In der Füssener Gegend fand man seinerzeit zunehmend Gefallen an der Vorstellung. Wirtschaftlich gesehen gilt die Region eher als strukturschwach. Geld bringt in erster Linie der Tourismus. Zentral dabei ist wiederum Schloss Neuschwanstein, das am häufigsten besuchte Einzelziel Deutschlands. Durch eine weitere Vermarktung des König-LudwigMythos könnten womöglich zusätzliche Geldquellen erschlossen werden, war der Grundgedanke. Nicht umsonst wurde dann auch beim Bau der Kulturstätte geklotzt. Von der Gestaltung her nahm sich die mit dem Musical-Autor Barbarino verheiratete Architektin Josephine Barbarino das berühmte Bayreuther Festspielhaus zum Vorbild. Entgegen aller Öko-Einwände war es sogar möglich, ein Stück Forggensee aufzuschütten, um die Lage des Gebäudes attraktiver zu machen. Verklungene Lobgesänge Zur Eröffnung im Jahr 2000 kamen dann viele, die zu den oberen Zehntausend zwischen München und Alpen gehören. Ludwig II. zieht als bayerische Ikone. Der damalige bayerische Ministerpräsident Edmund Stoiber pries das Festspielhaus als Chance für das Ostallgäu. Der damalige Füssener Oberbürgermeister Paul Wengert jubelte: „Mit dem Musical beginnt für uns eine neue Epoche.“Vorbei. Die Lobgesänge sind verklungen. Jetzt droht es zur Altlast zu werden. Der Münchner Fachanwalt Marco Liebler wickelt die Insolvenz ab und sucht seit Sommer angestrengt nach einem Investor. Welche Summen dieser für Festspielhaus sowie Gelände aufbringen müsste, ist unklar. Unter der Hand wird von zwölf bis 18 Millionen Euro geredet. Interessenten gibt es. Einer davon ist der Konstanzer Geschäftsmann Jan D. Leuze. Seine Vorstellung: das Festspielhaus durch ein Outlet-Shopping-Center ergänzen. Beifall erhielt er mit diesem Vorstoß in der Region nicht. Kürzlich meinte die Ostallgäuer Landrätin Maria Rita Zinnecker am Rande einer Abendveranstaltung: „Das würde diese tolle Gegend am Forggensee herunterziehen.“Füssens gegenwärtiger Oberbürgermeister Paul Iacob sagte der „Allgäuer Zeitung“, ein Kaufhaus passe eigentlich nicht an diese Stelle.

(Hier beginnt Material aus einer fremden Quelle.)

(* Disjunctive formulas in x:  phi ::= x | alpha -> phi | beta \/ phi | phi \/ phi
   (x not in alpha, beta; disjunction up to commutativity). *)
Inductive disjunctive (x : nat) : form -> Prop :=
| dj_var : disjunctive x (Var x)
| dj_imp : forall a p, occurs x a = false -> disjunctive x p -> disjunctive x (Imp a p)
| dj_sideL : forall b p, occurs x b = false -> disjunctive x p -> disjunctive x (Or b p)
| dj_sideR : forall b p, occurs x b = false -> disjunctive x p -> disjunctive x (Or p b)
| dj_or : forall p q, disjunctive x p -> disjunctive x q -> disjunctive x (Or p q).

(* Every disjunctive formula contains x, so its parse is unique: in a
   disjunction, a disjunct not containing x is a side subformula. *)
Fixpoint heads (x : nat) (A : form) : list form :=
  match A with
  | Imp a p => a :: heads x p
  | Or p q =>
      if occurs x p then (if occurs x q then heads x p ++ heads x q else heads x p)
      else heads x q
  | _ => []
  end.

Fixpoint sides (x : nat) (A : form) : list form :=
  match A with
  | Imp a p => sides x p
  | Or p q =>
      if occurs x p then (if occurs x q then sides x p ++ sides x q else q :: sides x p)
      else p :: sides x q
  | _ => []
  end.

Fixpoint bigAnd (l : list form) : form :=
  match l with
  | [] => Top
  | [a] => a
  | a :: l => And a (bigAnd l)
  end.

Definition num_distinct (l : list form) : nat := length (nodup form_eq_dec l).

(* The iterates of phi stabilise from step N+1, which gives the bound
   (sides never matter).  Let Z := phi[Y].  In phi[Z], every occurrence of
   x that is not below an implication can be absorbed: plugging W into those
   occurrences (and Y below implications) gives a formula entailing the one
   with Bot in place of W, or W; with W := Z both disjuncts entail Z.  An
   occurrence below a head a may be replaced by Y as soon as Y and Z are
   equivalent under the hypothesis a.  Hence phi[Z] ~ Z whenever
   Y ~ phi[Y] under every head.  Under the hypothesis a, the implications
   a -> psi collapse to psi, so phi is equivalent to a formula with one head
   less; induction on the number of heads provides, under each head, the
   stabilisation of the iterates needed to apply the previous step. *)

From Stdlib Require Import List Arith Lia Bool.
Import ListNotations.

Ltac hyp := apply nd_ax; simpl; tauto.
Ltac incl_tac := intros ? ?; simpl in *; tauto.

Lemma incl_cons_cons {A} (a : A) G G' : incl G G' -> incl (a :: G) (a :: G').
Proof. intros H; apply incl_cons; [left; auto | apply incl_tl; auto]. Qed.

Lemma nd_weaken G A : nd G A -> forall G', incl G G' -> nd G' A.
Proof.
  intros H; induction H; intros G' Hi.
  - apply nd_ax; auto.
  - apply nd_topI.
  - apply nd_botE; auto.
  - apply nd_andI; auto.
  - eapply nd_andE1; eauto.
  - eapply nd_andE2; eauto.
  - apply nd_orI1; auto.
  - apply nd_orI2; auto.
  - eapply nd_orE; [eauto | apply IHnd2 | apply IHnd3]; apply incl_cons_cons; auto.
  - apply nd_impI; apply IHnd; apply incl_cons_cons; auto.
  - eapply nd_impE; eauto.
Qed.

Lemma nd_cut G A B : nd G A -> nd (A :: G) B -> nd G B.
Proof. intros H1 H2; eapply nd_impE; [apply nd_impI; exact H2 | exact H1]. Qed.

Definition entails G A B := nd (A :: G) B.
Definition equiv G A B := entails G A B /\ entails G B A.

Lemma entails_apply G G' A B : entails G A B -> nd G' A -> incl G G' -> nd G' B.
Proof.
  intros H1 H2 Hi; eapply nd_cut; [exact H2|].
  eapply nd_weaken; [exact H1|]. apply incl_cons_cons; auto.
Qed.

Lemma entails_refl G A : entails G A A.
Proof. unfold entails; hyp. Qed.

Lemma entails_trans G A B C : entails G A B -> entails G B C -> entails G A C.
Proof. intros H1 H2; eapply entails_apply; [exact H2 | exact H1 | incl_tac]. Qed.

Lemma equiv_refl G A : equiv G A A.
Proof. split; apply entails_refl. Qed.

Lemma equiv_sym G A B : equiv G A B -> equiv G B A.
Proof. intros [? ?]; split; auto. Qed.

Lemma equiv_trans G A B C : equiv G A B -> equiv G B C -> equiv G A C.
Proof. intros [? ?] [? ?]; split; eapply entails_trans; eauto. Qed.

Lemma entails_bot G A : entails G Bot A.
Proof. unfold entails; apply nd_botE; hyp. Qed.

Lemma entails_and G A A' B B' :
  entails G A A' -> entails G B B' -> entails G (And A B) (And A' B').
Proof.
  intros H1 H2; apply nd_andI.
  - eapply entails_apply; [exact H1 | eapply nd_andE1; hyp | incl_tac].
  - eapply entails_apply; [exact H2 | eapply nd_andE2; hyp | incl_tac].
Qed.

Lemma entails_or G A A' B B' :
  entails G A A' -> entails G B B' -> entails G (Or A B) (Or A' B').
Proof.
  intros H1 H2; eapply nd_orE; [hyp | |].
  - apply nd_orI1; eapply entails_apply; [exact H1 | hyp | incl_tac].
  - apply nd_orI2; eapply entails_apply; [exact H2 | hyp | incl_tac].
Qed.

Lemma entails_imp G A A' B B' :
  entails G A' A -> entails G B B' -> entails G (Imp A B) (Imp A' B').
Proof.
  intros H1 H2; apply nd_impI.
  eapply entails_apply; [exact H2 | | incl_tac].
  eapply nd_impE; [hyp |]. eapply entails_apply; [exact H1 | hyp | incl_tac].
Qed.

Lemma equiv_imp_hyp G a B B' : equiv (a :: G) B B' -> equiv G (Imp a B) (Imp a B').
Proof.
  intros [H1 H2]; split; apply nd_impI;
    [eapply entails_apply; [exact H1 | | incl_tac] | eapply entails_apply; [exact H2 | | incl_tac]];
    eapply nd_impE; hyp.
Qed.

Lemma equiv_nil_ipc_equiv A B : equiv [] A B -> ipc_equiv A B.
Proof. intros [H1 H2]; split; apply nd_impI; auto. Qed.

Lemma subst_equiv x G Y Y' C : equiv G Y Y' -> equiv G (subst x Y C) (subst x Y' C).
Proof.
  intros HY; induction C; simpl.
  - destruct (Nat.eqb x n); auto using equiv_refl.
  - apply equiv_refl.
  - apply equiv_refl.
  - destruct IHC1, IHC2; split; apply entails_and; auto.
  - destruct IHC1, IHC2; split; apply entails_or; auto.
  - destruct IHC1, IHC2; split; apply entails_imp; auto.
Qed.

Lemma subst_fresh x Y C : occurs x C = false -> subst x Y C = C.
Proof.
  induction C; simpl; intros H; auto;
    try (apply orb_false_iff in H as [? ?]; rewrite IHC1, IHC2; auto).
  rewrite H; auto.
Qed.

(* [x_reachable x F]: [Y] entails [F[Y]], by descending through conjunctions,
   one disjunct of each disjunction and the conclusion of implications. *)
Fixpoint x_reachable x F : Prop :=
  match F with
  | Var v => v = x
  | Imp _ p => x_reachable x p
  | And p q => x_reachable x p /\ x_reachable x q
  | Or p q => x_reachable x p \/ x_reachable x q
  | _ => False
  end.

Fixpoint fresh_heads x F : Prop :=
  match F with
  | Imp a p => occurs x a = false /\ fresh_heads x p
  | And p q | Or p q => fresh_heads x p /\ fresh_heads x q
  | _ => True
  end.

Fixpoint live_heads x F : list form :=
  match F with
  | Imp a p => if occurs x p then a :: live_heads x p else []
  | And p q | Or p q => live_heads x p ++ live_heads x q
  | _ => []
  end.

Fixpoint drop_head a F :=
  match F with
  | Imp c p => if form_eq_dec c a then drop_head a p else Imp c (drop_head a p)
  | And p q => And (drop_head a p) (drop_head a q)
  | Or p q => Or (drop_head a p) (drop_head a q)
  | _ => F
  end.

Lemma x_reachable_subst_inflationary x F G Y :
  x_reachable x F -> entails G Y (subst x Y F).
Proof.
  revert G; induction F; simpl; intros G Hr; try contradiction.
  - subst n; rewrite Nat.eqb_refl; apply entails_refl.
  - destruct Hr; apply nd_andI; [apply IHF1 | apply IHF2]; auto.
  - destruct Hr; [apply nd_orI1; apply IHF1 | apply nd_orI2; apply IHF2]; auto.
  - apply nd_impI. eapply entails_apply; [apply (IHF2 G Hr) | hyp | incl_tac].
Qed.

Lemma fresh_heads_drop_head x a F : fresh_heads x F -> fresh_heads x (drop_head a F).
Proof. induction F; simpl; intuition; destruct form_eq_dec; simpl; intuition. Qed.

Aufgeschlossener werden die Pläne eines aus der Ecke von Aachen stammenden Projektentwicklers betrachtet. Nach dessen Vorstellungen soll das Festspielhaus durch einen Hotelkomplex ergänzt werden. Internationale Investoren seien bereit, bis zu 60 Millionen Euro zu investieren. Auch von anderer Seite wurden solche Pläne vorgestellt. Demnach könne man Festspielhaus und Hotel noch durch eine Erlebnisgastronomie ergänzen. Solche Gedanken waren im Ostallgäu bereits vor einigen Jahren gewälzt worden. Anfang Oktober ging Insolvenzverwalter Liebler jedoch an die Öffentlichkeit. Er klagte über bescheidene Kaufangebote. Teilweise sei auch die Finanzierung der gebotenen Summen ungesichert. Gegenüber örtlichen Journalisten mutmaßte Liebler, dass einige Interessenten wohl nur auf eine Zwangsversteigerung lauern würden. Dies wäre dann eine Art Schnäppchenjagd am Forggensee.